▶ **Material for the task**:
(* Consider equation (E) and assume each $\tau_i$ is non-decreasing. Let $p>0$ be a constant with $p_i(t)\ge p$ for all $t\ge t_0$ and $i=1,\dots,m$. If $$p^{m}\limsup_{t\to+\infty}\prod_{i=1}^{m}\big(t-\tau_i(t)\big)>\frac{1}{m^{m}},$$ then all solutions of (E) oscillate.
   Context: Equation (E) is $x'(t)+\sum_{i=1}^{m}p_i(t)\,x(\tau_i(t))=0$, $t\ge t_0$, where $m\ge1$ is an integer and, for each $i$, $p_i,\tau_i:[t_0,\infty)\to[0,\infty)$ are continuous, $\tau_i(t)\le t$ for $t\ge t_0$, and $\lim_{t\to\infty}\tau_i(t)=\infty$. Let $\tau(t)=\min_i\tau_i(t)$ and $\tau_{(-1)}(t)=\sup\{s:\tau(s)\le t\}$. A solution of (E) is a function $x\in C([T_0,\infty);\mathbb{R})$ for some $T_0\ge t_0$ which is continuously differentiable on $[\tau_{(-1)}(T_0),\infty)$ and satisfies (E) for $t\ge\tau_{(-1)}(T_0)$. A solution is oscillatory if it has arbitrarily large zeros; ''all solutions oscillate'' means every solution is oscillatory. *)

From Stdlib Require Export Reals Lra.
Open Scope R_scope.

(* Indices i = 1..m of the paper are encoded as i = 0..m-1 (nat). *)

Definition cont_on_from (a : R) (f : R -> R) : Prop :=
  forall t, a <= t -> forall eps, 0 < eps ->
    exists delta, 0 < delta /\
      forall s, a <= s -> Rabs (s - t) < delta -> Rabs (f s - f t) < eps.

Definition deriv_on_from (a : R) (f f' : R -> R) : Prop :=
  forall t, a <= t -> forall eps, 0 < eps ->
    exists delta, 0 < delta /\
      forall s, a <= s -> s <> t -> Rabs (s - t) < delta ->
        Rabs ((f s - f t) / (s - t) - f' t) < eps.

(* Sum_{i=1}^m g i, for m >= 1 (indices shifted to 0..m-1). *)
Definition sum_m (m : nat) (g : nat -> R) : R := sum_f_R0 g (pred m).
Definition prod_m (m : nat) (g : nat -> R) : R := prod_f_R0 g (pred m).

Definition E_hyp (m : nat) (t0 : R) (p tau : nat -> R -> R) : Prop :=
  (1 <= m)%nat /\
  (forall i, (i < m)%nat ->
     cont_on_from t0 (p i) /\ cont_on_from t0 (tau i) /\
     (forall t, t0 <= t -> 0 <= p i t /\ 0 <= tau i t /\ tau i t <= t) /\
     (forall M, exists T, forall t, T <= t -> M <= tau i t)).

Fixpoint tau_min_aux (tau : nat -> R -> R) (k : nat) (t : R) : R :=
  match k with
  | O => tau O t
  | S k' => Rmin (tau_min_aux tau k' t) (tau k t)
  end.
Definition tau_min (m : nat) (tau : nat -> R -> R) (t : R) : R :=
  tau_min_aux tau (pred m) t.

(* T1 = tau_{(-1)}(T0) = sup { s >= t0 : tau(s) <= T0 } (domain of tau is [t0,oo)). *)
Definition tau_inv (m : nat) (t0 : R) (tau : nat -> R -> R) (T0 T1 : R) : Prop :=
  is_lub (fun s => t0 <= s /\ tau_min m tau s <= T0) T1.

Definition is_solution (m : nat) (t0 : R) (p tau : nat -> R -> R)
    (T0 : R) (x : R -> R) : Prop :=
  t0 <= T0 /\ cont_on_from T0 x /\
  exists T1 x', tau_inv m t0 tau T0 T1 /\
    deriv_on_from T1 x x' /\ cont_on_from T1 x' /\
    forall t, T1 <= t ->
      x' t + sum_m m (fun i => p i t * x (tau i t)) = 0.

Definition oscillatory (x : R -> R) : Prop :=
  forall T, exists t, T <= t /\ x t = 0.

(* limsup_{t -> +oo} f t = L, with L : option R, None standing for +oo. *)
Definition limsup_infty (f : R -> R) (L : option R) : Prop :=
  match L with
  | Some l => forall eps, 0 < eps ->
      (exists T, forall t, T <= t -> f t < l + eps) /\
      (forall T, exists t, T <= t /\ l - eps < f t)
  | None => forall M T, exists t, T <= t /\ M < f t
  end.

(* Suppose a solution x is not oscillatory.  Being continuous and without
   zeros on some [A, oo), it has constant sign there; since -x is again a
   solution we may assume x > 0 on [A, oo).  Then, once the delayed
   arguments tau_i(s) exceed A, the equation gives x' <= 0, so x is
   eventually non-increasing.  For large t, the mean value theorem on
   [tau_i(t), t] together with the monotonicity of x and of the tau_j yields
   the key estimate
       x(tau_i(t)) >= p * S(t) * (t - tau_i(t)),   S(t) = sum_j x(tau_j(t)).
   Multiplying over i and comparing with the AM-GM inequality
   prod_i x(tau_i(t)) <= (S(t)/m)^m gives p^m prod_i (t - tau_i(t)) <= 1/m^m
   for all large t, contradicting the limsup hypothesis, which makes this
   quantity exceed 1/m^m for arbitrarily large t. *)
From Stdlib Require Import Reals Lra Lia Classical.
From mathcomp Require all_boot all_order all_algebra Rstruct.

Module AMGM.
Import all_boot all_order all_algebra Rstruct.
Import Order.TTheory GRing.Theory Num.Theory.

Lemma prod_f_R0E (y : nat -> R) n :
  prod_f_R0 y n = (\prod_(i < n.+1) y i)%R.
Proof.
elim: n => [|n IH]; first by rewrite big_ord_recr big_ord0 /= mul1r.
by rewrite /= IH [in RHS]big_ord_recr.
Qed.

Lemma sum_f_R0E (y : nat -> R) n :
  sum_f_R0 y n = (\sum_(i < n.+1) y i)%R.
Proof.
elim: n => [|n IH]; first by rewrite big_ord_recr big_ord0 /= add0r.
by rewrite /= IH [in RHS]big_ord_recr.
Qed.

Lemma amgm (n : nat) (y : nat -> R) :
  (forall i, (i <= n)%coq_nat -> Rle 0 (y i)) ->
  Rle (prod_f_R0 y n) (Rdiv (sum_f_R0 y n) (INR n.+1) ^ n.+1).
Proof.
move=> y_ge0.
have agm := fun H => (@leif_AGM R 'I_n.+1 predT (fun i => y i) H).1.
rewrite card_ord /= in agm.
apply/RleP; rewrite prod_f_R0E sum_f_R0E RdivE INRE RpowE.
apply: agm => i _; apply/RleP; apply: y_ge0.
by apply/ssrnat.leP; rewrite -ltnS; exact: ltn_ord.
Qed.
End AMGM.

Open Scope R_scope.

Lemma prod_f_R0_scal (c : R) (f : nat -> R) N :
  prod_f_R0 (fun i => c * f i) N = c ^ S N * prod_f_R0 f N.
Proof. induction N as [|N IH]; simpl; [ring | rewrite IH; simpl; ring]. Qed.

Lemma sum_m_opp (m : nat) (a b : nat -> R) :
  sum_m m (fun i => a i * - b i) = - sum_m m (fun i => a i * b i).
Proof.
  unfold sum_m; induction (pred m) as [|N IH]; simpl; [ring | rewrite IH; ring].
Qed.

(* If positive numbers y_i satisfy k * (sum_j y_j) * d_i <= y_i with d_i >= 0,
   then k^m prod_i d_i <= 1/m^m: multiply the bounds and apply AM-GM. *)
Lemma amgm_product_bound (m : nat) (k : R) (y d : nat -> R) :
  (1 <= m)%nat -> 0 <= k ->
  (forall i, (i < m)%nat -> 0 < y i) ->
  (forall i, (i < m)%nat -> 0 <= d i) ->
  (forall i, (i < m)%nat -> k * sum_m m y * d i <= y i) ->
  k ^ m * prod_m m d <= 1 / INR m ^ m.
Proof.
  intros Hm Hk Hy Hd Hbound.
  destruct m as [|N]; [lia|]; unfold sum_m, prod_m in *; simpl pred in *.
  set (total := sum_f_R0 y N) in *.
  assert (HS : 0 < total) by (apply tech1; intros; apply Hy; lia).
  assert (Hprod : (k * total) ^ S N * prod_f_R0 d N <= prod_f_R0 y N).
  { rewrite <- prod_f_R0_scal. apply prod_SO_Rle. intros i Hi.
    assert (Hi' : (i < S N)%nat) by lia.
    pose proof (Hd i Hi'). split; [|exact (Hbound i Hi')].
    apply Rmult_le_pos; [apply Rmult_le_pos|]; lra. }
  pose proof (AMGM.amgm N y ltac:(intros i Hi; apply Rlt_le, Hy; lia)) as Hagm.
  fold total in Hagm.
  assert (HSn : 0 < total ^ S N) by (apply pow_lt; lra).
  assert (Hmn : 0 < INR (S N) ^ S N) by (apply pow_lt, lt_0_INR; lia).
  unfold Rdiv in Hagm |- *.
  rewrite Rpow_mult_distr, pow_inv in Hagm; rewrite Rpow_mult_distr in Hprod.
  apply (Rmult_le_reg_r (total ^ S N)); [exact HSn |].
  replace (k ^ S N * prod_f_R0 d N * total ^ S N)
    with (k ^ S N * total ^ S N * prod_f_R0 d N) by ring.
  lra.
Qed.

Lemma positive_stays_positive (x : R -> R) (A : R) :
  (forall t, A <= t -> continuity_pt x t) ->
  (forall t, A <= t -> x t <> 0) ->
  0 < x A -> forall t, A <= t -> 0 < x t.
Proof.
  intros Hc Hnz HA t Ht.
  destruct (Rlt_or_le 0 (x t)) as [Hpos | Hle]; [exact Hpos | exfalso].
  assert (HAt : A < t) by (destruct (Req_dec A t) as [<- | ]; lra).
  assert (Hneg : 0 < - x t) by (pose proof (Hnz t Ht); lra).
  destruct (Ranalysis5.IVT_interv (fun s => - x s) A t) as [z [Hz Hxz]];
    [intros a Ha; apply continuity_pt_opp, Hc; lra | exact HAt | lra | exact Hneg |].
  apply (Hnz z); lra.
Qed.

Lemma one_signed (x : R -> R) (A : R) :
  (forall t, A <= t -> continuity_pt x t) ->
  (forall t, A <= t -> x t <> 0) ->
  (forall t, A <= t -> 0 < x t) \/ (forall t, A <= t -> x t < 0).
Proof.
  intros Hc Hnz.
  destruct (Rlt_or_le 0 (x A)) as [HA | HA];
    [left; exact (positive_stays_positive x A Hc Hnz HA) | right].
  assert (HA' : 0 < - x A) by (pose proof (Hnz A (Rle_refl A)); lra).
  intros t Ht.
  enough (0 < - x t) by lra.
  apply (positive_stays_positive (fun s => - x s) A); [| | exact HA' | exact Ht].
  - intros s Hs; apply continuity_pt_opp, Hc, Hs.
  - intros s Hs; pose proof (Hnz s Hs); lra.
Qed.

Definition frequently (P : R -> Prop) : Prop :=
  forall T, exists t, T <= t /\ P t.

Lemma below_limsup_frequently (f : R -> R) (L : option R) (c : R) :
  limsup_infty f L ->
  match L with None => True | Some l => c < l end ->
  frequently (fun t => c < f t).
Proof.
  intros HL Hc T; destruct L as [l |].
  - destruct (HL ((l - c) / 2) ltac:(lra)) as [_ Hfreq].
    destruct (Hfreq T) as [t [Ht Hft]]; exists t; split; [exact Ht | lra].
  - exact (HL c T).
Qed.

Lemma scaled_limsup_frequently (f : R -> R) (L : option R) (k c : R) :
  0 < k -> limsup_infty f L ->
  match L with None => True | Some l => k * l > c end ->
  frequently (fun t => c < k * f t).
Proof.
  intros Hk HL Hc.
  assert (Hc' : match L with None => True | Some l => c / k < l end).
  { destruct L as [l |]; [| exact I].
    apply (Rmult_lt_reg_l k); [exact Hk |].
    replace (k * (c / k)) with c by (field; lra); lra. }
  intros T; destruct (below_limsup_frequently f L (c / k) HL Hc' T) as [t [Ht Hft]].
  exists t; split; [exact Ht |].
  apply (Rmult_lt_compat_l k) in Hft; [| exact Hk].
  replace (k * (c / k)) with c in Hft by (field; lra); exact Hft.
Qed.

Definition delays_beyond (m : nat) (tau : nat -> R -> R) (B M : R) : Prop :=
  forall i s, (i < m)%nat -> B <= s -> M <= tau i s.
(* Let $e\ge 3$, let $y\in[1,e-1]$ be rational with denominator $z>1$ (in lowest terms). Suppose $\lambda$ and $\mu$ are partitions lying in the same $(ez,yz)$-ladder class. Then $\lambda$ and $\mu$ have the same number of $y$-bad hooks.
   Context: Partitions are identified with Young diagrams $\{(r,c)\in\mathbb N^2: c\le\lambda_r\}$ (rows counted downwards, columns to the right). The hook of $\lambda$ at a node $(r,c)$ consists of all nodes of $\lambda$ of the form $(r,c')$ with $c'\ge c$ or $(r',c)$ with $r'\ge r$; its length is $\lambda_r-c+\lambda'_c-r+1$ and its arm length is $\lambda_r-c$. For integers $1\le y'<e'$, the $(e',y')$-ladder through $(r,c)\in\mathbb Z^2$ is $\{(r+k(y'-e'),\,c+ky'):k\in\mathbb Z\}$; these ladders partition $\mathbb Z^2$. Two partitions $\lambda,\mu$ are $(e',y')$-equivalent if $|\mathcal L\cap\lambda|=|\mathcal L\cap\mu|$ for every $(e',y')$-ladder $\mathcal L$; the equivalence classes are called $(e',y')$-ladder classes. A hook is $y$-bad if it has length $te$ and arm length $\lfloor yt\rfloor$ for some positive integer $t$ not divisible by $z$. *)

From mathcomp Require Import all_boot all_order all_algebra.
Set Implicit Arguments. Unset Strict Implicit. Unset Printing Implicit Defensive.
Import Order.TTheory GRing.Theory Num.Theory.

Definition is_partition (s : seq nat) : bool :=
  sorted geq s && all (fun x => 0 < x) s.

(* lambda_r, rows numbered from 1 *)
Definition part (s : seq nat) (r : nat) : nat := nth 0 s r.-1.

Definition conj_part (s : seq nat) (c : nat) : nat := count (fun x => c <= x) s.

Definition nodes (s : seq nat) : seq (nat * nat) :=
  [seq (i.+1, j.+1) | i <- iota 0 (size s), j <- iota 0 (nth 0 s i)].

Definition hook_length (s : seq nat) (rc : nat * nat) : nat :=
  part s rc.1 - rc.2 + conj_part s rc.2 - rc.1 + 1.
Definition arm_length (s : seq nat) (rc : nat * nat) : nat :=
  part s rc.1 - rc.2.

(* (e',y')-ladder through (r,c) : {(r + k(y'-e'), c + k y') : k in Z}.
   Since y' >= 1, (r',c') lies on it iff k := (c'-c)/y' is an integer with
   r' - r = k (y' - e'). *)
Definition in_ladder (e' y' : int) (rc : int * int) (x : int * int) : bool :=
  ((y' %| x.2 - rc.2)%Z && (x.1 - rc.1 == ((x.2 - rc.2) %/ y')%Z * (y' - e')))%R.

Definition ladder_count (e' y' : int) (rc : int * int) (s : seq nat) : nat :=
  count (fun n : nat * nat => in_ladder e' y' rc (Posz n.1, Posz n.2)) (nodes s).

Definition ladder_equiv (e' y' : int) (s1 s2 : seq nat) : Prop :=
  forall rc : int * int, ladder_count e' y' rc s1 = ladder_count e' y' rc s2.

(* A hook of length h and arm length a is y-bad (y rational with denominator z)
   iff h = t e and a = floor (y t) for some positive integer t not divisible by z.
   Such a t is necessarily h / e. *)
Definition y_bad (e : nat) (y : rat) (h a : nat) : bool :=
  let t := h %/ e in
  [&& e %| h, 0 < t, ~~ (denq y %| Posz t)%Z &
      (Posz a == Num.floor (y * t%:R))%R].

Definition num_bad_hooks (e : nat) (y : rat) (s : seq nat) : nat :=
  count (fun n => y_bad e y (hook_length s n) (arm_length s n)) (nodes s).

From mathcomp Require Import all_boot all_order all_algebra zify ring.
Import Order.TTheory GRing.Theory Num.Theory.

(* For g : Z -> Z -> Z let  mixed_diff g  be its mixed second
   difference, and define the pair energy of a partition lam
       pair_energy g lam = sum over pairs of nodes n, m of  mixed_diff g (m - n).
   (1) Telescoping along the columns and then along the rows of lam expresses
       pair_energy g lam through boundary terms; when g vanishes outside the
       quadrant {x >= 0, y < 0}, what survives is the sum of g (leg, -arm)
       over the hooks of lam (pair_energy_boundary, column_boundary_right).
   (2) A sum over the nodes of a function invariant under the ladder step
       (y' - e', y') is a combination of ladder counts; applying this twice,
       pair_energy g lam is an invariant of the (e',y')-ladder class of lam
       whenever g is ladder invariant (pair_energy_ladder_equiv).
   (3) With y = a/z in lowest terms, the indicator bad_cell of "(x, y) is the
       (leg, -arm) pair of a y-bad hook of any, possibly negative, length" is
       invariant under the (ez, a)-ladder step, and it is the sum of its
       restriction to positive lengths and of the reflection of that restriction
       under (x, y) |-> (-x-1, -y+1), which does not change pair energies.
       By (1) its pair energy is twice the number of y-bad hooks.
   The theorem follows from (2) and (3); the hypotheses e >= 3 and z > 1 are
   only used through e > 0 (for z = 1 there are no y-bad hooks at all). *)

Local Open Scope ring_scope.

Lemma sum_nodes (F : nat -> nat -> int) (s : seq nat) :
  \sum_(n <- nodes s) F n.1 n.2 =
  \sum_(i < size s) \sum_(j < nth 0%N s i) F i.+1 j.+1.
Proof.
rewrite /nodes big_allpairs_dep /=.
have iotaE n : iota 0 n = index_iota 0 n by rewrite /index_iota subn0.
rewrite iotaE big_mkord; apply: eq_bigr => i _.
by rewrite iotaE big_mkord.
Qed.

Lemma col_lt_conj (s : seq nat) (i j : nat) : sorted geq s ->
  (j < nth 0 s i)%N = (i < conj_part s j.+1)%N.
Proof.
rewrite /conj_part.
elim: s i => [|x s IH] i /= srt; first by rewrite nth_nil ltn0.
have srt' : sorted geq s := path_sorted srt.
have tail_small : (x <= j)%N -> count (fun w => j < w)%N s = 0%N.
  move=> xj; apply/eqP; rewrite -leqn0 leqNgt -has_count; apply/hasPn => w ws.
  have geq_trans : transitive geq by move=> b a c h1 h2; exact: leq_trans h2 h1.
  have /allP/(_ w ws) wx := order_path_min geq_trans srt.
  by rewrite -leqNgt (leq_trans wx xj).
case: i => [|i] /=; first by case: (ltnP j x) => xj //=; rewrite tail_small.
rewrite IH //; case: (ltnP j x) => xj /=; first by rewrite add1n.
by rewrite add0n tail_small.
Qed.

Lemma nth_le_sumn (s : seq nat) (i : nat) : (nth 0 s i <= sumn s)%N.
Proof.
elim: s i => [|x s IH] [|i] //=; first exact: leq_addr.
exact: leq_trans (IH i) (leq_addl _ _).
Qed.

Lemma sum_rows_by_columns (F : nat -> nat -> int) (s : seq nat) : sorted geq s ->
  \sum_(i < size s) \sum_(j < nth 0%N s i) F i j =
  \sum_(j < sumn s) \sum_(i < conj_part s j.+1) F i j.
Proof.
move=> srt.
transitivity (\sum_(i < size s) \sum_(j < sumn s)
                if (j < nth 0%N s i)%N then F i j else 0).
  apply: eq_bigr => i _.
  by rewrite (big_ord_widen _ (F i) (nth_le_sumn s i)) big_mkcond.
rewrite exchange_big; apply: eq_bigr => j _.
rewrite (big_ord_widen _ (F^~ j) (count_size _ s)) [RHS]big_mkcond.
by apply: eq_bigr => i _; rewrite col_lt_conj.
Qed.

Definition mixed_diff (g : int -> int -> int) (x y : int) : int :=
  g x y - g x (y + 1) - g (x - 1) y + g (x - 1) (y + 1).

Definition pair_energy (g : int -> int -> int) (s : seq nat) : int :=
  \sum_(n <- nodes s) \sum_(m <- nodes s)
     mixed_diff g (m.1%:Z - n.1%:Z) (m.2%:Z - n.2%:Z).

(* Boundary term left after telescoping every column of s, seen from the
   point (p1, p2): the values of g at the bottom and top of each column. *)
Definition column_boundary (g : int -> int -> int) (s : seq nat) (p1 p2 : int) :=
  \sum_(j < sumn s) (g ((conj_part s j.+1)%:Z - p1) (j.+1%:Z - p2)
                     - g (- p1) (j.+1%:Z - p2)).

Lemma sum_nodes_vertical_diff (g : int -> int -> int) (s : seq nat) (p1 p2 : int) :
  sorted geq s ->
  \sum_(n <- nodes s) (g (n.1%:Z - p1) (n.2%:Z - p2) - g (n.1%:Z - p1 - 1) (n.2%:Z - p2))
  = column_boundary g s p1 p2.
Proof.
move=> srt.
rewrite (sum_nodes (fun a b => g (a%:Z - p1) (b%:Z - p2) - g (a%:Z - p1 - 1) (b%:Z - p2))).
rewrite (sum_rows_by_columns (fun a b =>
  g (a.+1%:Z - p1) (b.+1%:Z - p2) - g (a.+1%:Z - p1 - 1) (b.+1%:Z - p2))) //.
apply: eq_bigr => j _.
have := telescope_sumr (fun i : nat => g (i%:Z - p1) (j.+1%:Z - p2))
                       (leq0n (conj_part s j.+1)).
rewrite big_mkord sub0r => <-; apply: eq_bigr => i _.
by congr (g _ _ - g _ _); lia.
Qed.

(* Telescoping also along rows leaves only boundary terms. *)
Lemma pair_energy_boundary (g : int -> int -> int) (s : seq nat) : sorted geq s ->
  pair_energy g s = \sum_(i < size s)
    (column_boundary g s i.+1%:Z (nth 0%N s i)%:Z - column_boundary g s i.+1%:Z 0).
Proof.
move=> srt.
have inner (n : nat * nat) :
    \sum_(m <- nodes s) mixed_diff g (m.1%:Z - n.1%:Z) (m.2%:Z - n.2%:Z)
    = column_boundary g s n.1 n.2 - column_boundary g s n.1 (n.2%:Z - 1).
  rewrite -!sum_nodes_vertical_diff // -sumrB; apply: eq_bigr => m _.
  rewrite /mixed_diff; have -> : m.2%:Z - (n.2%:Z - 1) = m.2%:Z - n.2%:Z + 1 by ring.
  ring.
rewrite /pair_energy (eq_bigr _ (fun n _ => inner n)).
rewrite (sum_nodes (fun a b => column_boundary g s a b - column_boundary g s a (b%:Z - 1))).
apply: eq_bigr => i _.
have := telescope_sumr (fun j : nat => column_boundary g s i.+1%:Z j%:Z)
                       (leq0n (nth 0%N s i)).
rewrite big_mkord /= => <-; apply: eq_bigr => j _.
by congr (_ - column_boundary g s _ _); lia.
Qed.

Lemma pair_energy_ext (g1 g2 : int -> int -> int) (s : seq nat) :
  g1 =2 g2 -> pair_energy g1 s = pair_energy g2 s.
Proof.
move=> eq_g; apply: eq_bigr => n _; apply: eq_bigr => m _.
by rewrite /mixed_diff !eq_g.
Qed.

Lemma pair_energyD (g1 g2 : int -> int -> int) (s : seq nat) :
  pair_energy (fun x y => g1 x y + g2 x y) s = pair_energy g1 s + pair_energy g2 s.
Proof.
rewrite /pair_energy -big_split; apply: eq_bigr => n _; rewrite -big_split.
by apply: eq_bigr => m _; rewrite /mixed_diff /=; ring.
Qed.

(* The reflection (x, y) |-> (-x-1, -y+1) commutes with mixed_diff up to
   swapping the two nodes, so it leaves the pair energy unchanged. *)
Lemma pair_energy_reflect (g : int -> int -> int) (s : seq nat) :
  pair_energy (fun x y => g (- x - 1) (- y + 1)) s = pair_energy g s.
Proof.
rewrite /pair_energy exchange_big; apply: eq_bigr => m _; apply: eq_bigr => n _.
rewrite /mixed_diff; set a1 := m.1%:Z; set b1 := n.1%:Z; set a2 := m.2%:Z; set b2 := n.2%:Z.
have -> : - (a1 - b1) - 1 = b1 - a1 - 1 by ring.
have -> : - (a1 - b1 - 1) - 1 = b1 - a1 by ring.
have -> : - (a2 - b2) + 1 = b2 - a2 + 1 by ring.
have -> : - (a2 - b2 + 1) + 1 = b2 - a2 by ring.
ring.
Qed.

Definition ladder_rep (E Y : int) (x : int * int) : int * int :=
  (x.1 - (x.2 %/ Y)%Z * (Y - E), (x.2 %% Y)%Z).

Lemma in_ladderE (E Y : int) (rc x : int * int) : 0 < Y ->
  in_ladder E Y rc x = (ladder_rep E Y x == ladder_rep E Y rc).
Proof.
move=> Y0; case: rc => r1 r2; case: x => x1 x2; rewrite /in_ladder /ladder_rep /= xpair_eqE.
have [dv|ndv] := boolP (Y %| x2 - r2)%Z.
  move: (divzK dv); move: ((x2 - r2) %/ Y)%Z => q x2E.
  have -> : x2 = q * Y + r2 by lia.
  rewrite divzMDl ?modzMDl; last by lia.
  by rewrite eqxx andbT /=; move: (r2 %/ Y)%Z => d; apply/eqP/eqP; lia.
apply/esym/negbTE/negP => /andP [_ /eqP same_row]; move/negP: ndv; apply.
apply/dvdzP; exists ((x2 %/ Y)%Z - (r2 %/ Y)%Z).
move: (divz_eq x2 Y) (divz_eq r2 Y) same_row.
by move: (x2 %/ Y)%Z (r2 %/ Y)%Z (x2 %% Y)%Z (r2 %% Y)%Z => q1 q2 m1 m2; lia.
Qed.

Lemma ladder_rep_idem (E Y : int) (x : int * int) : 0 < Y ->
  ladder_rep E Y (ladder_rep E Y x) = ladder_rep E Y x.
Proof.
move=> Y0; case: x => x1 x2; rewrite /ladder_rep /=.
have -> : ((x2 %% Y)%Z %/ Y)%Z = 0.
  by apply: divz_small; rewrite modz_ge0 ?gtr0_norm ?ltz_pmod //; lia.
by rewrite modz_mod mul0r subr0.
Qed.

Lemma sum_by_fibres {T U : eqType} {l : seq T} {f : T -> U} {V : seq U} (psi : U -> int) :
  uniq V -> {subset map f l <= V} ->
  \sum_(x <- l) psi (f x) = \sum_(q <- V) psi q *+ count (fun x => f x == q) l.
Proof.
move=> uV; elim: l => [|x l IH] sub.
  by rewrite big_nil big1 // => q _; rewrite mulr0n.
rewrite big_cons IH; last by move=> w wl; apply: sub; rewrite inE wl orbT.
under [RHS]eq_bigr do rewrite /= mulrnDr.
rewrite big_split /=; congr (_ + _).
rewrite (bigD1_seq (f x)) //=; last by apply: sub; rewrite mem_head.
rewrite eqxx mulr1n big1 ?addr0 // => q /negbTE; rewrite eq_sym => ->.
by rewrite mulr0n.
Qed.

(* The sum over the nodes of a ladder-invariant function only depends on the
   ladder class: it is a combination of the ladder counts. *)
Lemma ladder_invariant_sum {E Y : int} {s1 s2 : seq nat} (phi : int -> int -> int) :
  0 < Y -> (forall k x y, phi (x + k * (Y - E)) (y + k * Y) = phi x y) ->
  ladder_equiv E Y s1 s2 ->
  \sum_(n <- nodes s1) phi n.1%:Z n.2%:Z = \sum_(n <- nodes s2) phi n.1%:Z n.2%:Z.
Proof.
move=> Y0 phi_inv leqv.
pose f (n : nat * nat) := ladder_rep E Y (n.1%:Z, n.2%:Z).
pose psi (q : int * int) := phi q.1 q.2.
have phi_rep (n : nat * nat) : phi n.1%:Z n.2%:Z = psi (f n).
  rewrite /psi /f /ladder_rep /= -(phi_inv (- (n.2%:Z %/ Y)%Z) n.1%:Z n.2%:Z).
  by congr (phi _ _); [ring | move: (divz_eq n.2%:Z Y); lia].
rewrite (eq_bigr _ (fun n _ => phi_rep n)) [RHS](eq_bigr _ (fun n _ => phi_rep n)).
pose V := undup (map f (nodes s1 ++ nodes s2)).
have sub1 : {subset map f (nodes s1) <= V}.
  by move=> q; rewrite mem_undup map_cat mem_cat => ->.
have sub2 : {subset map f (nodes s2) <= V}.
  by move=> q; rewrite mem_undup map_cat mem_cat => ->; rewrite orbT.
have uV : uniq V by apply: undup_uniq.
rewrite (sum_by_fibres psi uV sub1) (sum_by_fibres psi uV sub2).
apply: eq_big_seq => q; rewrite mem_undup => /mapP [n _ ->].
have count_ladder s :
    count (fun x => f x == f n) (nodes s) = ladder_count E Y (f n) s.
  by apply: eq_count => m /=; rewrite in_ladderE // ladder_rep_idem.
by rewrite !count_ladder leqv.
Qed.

▶ **Required work**:
Keeping every character as it is, restate the lines above that run from the line with "Definition is_solution (m" through the line with "(* Suppose a", both included, and nothing else.

▶ **Response to the task**:
Definition is_solution (m : nat) (t0 : R) (p tau : nat -> R -> R)
    (T0 : R) (x : R -> R) : Prop :=
  t0 <= T0 /\ cont_on_from T0 x /\
  exists T1 x', tau_inv m t0 tau T0 T1 /\
    deriv_on_from T1 x x' /\ cont_on_from T1 x' /\
    forall t, T1 <= t ->
      x' t + sum_m m (fun i => p i t * x (tau i t)) = 0.

Definition oscillatory (x : R -> R) : Prop :=
  forall T, exists t, T <= t /\ x t = 0.

(* limsup_{t -> +oo} f t = L, with L : option R, None standing for +oo. *)
Definition limsup_infty (f : R -> R) (L : option R) : Prop :=
  match L with
  | Some l => forall eps, 0 < eps ->
      (exists T, forall t, T <= t -> f t < l + eps) /\
      (forall T, exists t, T <= t /\ l - eps < f t)
  | None => forall M T, exists t, T <= t /\ M < f t
  end.

(* Suppose a solution x is not oscillatory.  Being continuous and without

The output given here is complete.